Saturday, January 17, 2009

Time

It feels like its been a lifetime since I last saw him, last spoke to him. Is it really only January 17th? The below freezing temperatures tell me it must still be winter, maybe winter of next year? Time couldn't possibly have passed that quickly, but could it really only be three weeks? Time is playing a cruel joke on me, dragging on this way.

The weekend before he left, we got our first real snow of the winter. It was a Friday and my bosses decided to move our office holiday party to an earlier luncheon so we could all get home before the storm had time to wreak its full force of havoc. I tapped my foot impatiently under the table, trying to endure the painfully awkward conversation. It seemed to last for an eternity.

By the time we left the roads were already slick with slushy ice. It was all I could do not to fall, my black leather boots were not made for snow. Resisting the urge to run, I made my way with a coworker through the precarious sidewalks to the train. I lied when he asked me if I was going downtown.

"I have to pick up some things that I left at the old apartment." Really, I was going to spend the night. I knew my coworker wouldn't approve.

When I got uptown I had to have him buzz me in--I had already returned my set of keys. The dog nearly knocked me down out of excitement, I hadn't seen her since the day I moved out. As I glanced around the apartment, it looked precisely the way it had the day we moved in--boxes piled high around the periphery of the living room, the carpets rolled up leaving the wooden floor barren, the bookshelf empty of its contents. For a moment it was easy to believe that this was day one, we were beginning our life together, not the last time I would sleep in that apartment, not the last time we would be whole.

As the snow began again to drift slowly to the earth we decided to take advantage of the last few moments of daylight and put the leash on the dog to go outside to play.
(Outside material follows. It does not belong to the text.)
(* Let $Q\in N_\kappa(H)$ have the representation $Q(z)=\Gamma_0^+(A-z)^{-1}\Gamma_0$, where $A$ is a bounded self-adjoint operator in a Pontryagin space $K$, $\Gamma_0:H\to K$ is bounded, and $\Gamma_0^+\Gamma_0$ is boundedly invertible (the representation need not be minimal). Let $P:=\Gamma_0(\Gamma_0^+\Gamma_0)^{-1}\Gamma_0^+$ and let $\tilde A:=(I-P)A(I-P)$, regarded as a bounded self-adjoint operator in the Pontryagin space $(I-P)K$; for $z\in\rho(\tilde A)$ let $(I-P)(\tilde A-z)^{-1}(I-P)$ denote the operator on $K$ equal to $(\tilde A-z)^{-1}$ on $(I-P)K$ and to $0$ on $PK$. Then for every $z\in\rho(A)\cap\rho(\tilde A)$, $Q(z)$ is boundedly invertible and $\hat Q(z):=-Q(z)^{-1}$ is given by $$\hat Q(z)=(\Gamma_0^+\Gamma_0)^{-1}\Gamma_0^+\Big\{A(I-P)(\tilde A-z)^{-1}(I-P)A-(A-z)\Big\}\Gamma_0(\Gamma_0^+\Gamma_0)^{-1}.$$
   Context: $H$ is a Hilbert space with inner product $(\cdot,\cdot)$; $(K,[\cdot,\cdot])$ is a Pontryagin space (Krein space with finitely many negative squares). For bounded $\Gamma_0:H\to K$, $\Gamma_0^+:K\to H$ is defined by $(h,\Gamma_0^+k)=[\Gamma_0h,k]$. $N_\kappa(H)$ is the class of generalized Nevanlinna functions: $Q$ meromorphic in $\mathbb{C}\setminus\mathbb{R}$ with values in bounded operators on $H$, $Q(\bar z)^*=Q(z)$, and the kernel $\frac{Q(z)-Q(w)^*}{z-\bar w}$ has exactly $\kappa$ negative squares. $P$ is an orthogonal projection in $K$ with $PK=\Gamma_0(H)$, $(I-P)K=\ker\Gamma_0^+$, and $K=(I-P)K[+]PK$. *)

From Stdlib Require Import Reals.
Open Scope R_scope.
The park was empty, the fresh snow completely undisturbed. The streetlamps had already come on and were throwing orange shadows across the white blanket. We walked in silence as the Elliott bounded back and forth, snapping at the snow with her teeth, jubilant at the freedom we were momentarily granting her by letting go of her leash.

I broke the silence by launching a snowball directly at his head. He dodged it by jumping back and it broke across his thigh. We noisily darted throughout the park, hurling snowballs at each other, laughing at the dog as she tried desperately to jump to catch them in her mouth.
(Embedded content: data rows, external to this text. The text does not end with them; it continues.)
(* Let $S=\{(6,5),(0,1),(1,1),(3,3)\}$ with $c_{(3,3)}=2$ and $c_{(6,5)}=c_{(0,1)}=c_{(1,1)}=1$. Then for every $n\ge0$, $$\Delta_n=\frac{N_{S,C}(n,n)-1}{2^{n+1}}.$$ In particular $\Delta_n>0$ for all $n\ge3$.
   Context: A fair coin is flipped $n$ times, producing a sequence $x_1,\dots,x_n\in\{H,T\}$ of independent uniformly random outcomes. Alice's score is the number of indices $i\in\{1,\dots,n-1\}$ with $(x_i,x_{i+1})=(H,H)$; Bob's score is the number of indices $i\in\{1,\dots,n-1\}$ with $(x_i,x_{i+1})=(H,T)$. $\Delta_n$ is the probability that Bob's score strictly exceeds Alice's minus the probability that Alice's score strictly exceeds Bob's. Given finite $S\subset\mathbb Z_{\ge0}^2\setminus\{(0,0)\}$ and positive integers $C=\{c_s\}_{s\in S}$, a colored lattice path is a finite (possibly empty) sequence $((s_1,x_1),\dots,(s_m,x_m))$ with $s_i\in S$ and $x_i\in\{1,\dots,c_{s_i}\}$; its endpoint is $\sum_i s_i$. $N_{S,C}(a,b)$ denotes the number of colored lattice paths with endpoint $(a,b)$. *)

From mathcomp Require Import all_boot all_order all_algebra.
Set Implicit Arguments. Unset Strict Implicit. Unset Printing Implicit Defensive.
Import Order.TTheory GRing.Theory Num.Theory.

(* true = H, false = T.  A sequence x_1..x_n is an n.-tuple bool, indexed from 0. *)
Definition alice_score (x : seq bool) : nat :=
  count (fun i => nth false x i && nth false x i.+1) (iota 0 (size x).-1).
Definition bob_score (x : seq bool) : nat :=
  count (fun i => nth false x i && ~~ nth false x i.+1) (iota 0 (size x).-1).

Definition Delta (n : nat) : rat :=
  ((#|[pred x : n.-tuple bool | (alice_score x < bob_score x)%N]|%:R
    - #|[pred x : n.-tuple bool | (bob_score x < alice_score x)%N]|%:R)
   / (2 ^+ n))%R.

(* S is given as a duplicate-free list of steps; c s is the number of colors of s.
   A colored step is a pair (s, x) with s \in S and 1 <= x <= c s. *)
Definition colored_steps (S : seq (nat * nat)) (c : nat * nat -> nat)
  : seq ((nat * nat) * nat) :=
  [seq (s, x) | s <- S, x <- iota 1 (c s)].

Fixpoint words (T : Type) (L : seq T) (k : nat) : seq (seq T) :=
  if k is k'.+1 then [seq y :: w | y <- L, w <- words L k'] else [:: [::]].

Definition endpoint (p : seq ((nat * nat) * nat)) : nat * nat :=
  (\sum_(st <- p) st.1.1, \sum_(st <- p) st.1.2)%N.

(* Since (0,0) \notin S, every step increases a+b by at least 1,
   so every colored path with endpoint (a,b) has length <= a+b; hence counting
   paths of length <= a+b counts all of them. *)
Definition Npaths (S : seq (nat * nat)) (c : nat * nat -> nat) (a b : nat) : nat :=
  (\sum_(k < (a + b).+1)
     count (fun p => endpoint p == (a, b)) (words (colored_steps S c) k))%N.

Definition S13 : seq (nat * nat) := [:: (6, 5); (0, 1); (1, 1); (3, 3)].
Definition c13 (s : nat * nat) : nat := if s == (3, 3) then 2 else 1.

(* Appending a flip changes a score only when the current last flip is H: a
   further H raises Alice's score, a T raises Bob's.  So the joint law of the two
   scores over sequences ending in H (resp. T) obeys a first-order recursion,
   solved by the binomial expressions [endH_count] and [endT_count].  It follows
   that the balance Phi_n = 2^n Delta_n is the number of sequences ending in H in
   which Bob leads by one, and that 2 Phi_n + 1 sequences of length n + 1 end in H
   with tied scores.  On the path side, the step polynomial of (S, C) is
   xy + y(1 + x^3 y^2)^2, so N(n, n) = sum_i C(2i, i) C(n - 2i, i), which is that
   same tie count. *)

From mathcomp Require Import all_boot all_order all_algebra.
From mathcomp Require Import zify ring.
Import Order.TTheory GRing.Theory Num.Theory.

Fixpoint bool_seqs (n : nat) : seq (seq bool) :=
  if n is m.+1 then [seq rcons s b | s <- bool_seqs m, b <- [:: true; false]]
  else [:: [::]].

Lemma count_bool_seqsS (P : pred (seq bool)) n :
  count P (bool_seqs n.+1) =
  count (fun x => P (rcons x true)) (bool_seqs n)
  + count (fun x => P (rcons x false)) (bool_seqs n).
Proof.
rewrite [bool_seqs _]/=; elim: (bool_seqs n) => //= s l IH.
by rewrite IH addnACA addnA.
Qed.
It was so easy to be with him like that. It felt so right, so complete. It made it impossible to remember why I was now living in Brooklyn, why he was moving back to Atlanta.

He told me late that Sunday night, after I had returned to Brooklyn and he was safely away from my wrath, that his parents were to drive up the next afternoon, to pick him up and take him back to Atlanta. He asked me to have dinner with them that night.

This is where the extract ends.